[Records provided]
(* Let $n\ge2$ and $1\le s<\ell$ be integers, and consider the saturation SQGT model with thresholds $(1,2,\dots,s)$, in which a test $\mathbf{x}\in\{0,1\}^n$ applied to $\mathbf{b}$ returns $\min(\mathbf{x}\cdot\mathbf{b},s)$. Then there exists a binary test matrix $\mathbf{C}$ with $n$ columns and at most $\frac{2\ell}{s}+2\log_2 n+3$ rows that solves $\mathrm{Burst}(n,\le\ell,\underline{\eta})$, i.e. any two distinct bursts in $\{0,1\}^n$ of lengths between $1$ and $\ell$ yield distinct outcome vectors.
   Context: Items are indexed $0,\dots,n-1$. A burst with head $a$ and tail $t$ ($0\le a\le t\le n-1$) is the vector in $\{0,1\}^n$ whose $j$-th coordinate is $1$ iff $a\le j\le t$; its length is $t-a+1$. $\mathrm{Burst}(n,\le\ell,\underline{\eta})$ is the problem of identifying an unknown burst of length in $\{1,\dots,\ell\}$ from the outcome vector (entrywise outcomes of the rows of the test matrix). *)

From mathcomp Require Import all_boot.
From Stdlib Require Import Reals.
Unset Printing Implicit Defensive.

Definition burst (n a t : nat) : 'I_n -> bool := fun j => (a <= j) && (j <= t).

Definition is_burst_le (n l : nat) (a t : nat) : bool :=
  [&& a <= t, t < n & t - a + 1 <= l].

Definition sat_outcome (n s : nat) (x b : 'I_n -> bool) : nat :=
  minn (\sum_(j < n) (x j && b j)) s.

Definition outcome_vec (m n s : nat) (C : 'I_m -> 'I_n -> bool) (b : 'I_n -> bool)
  : 'I_m -> nat := fun i => sat_outcome n s (C i) b.

Definition solves_burst (m n l s : nat) (C : 'I_m -> 'I_n -> bool) : Prop :=
  forall a1 t1 a2 t2 : nat,
    is_burst_le n l a1 t1 -> is_burst_le n l a2 t2 ->
    (forall j, burst n a1 t1 j = burst n a2 t2 j) \/
    exists i, outcome_vec m n s C (burst n a1 t1) i <> outcome_vec m n s C (burst n a2 t2) i.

[Description of the task] Starting from the records above, copy each line where the string "Definition" is found.

[Written answer]
Definition burst (n a t : nat) : 'I_n -> bool := fun j => (a <= j) && (j <= t).
Definition is_burst_le (n l : nat) (a t : nat) : bool :=
Definition sat_outcome (n s : nat) (x b : 'I_n -> bool) : nat :=
Definition outcome_vec (m n s : nat) (C : 'I_m -> 'I_n -> bool) (b : 'I_n -> bool)
Definition solves_burst (m n l s : nat) (C : 'I_m -> 'I_n -> bool) : Prop :=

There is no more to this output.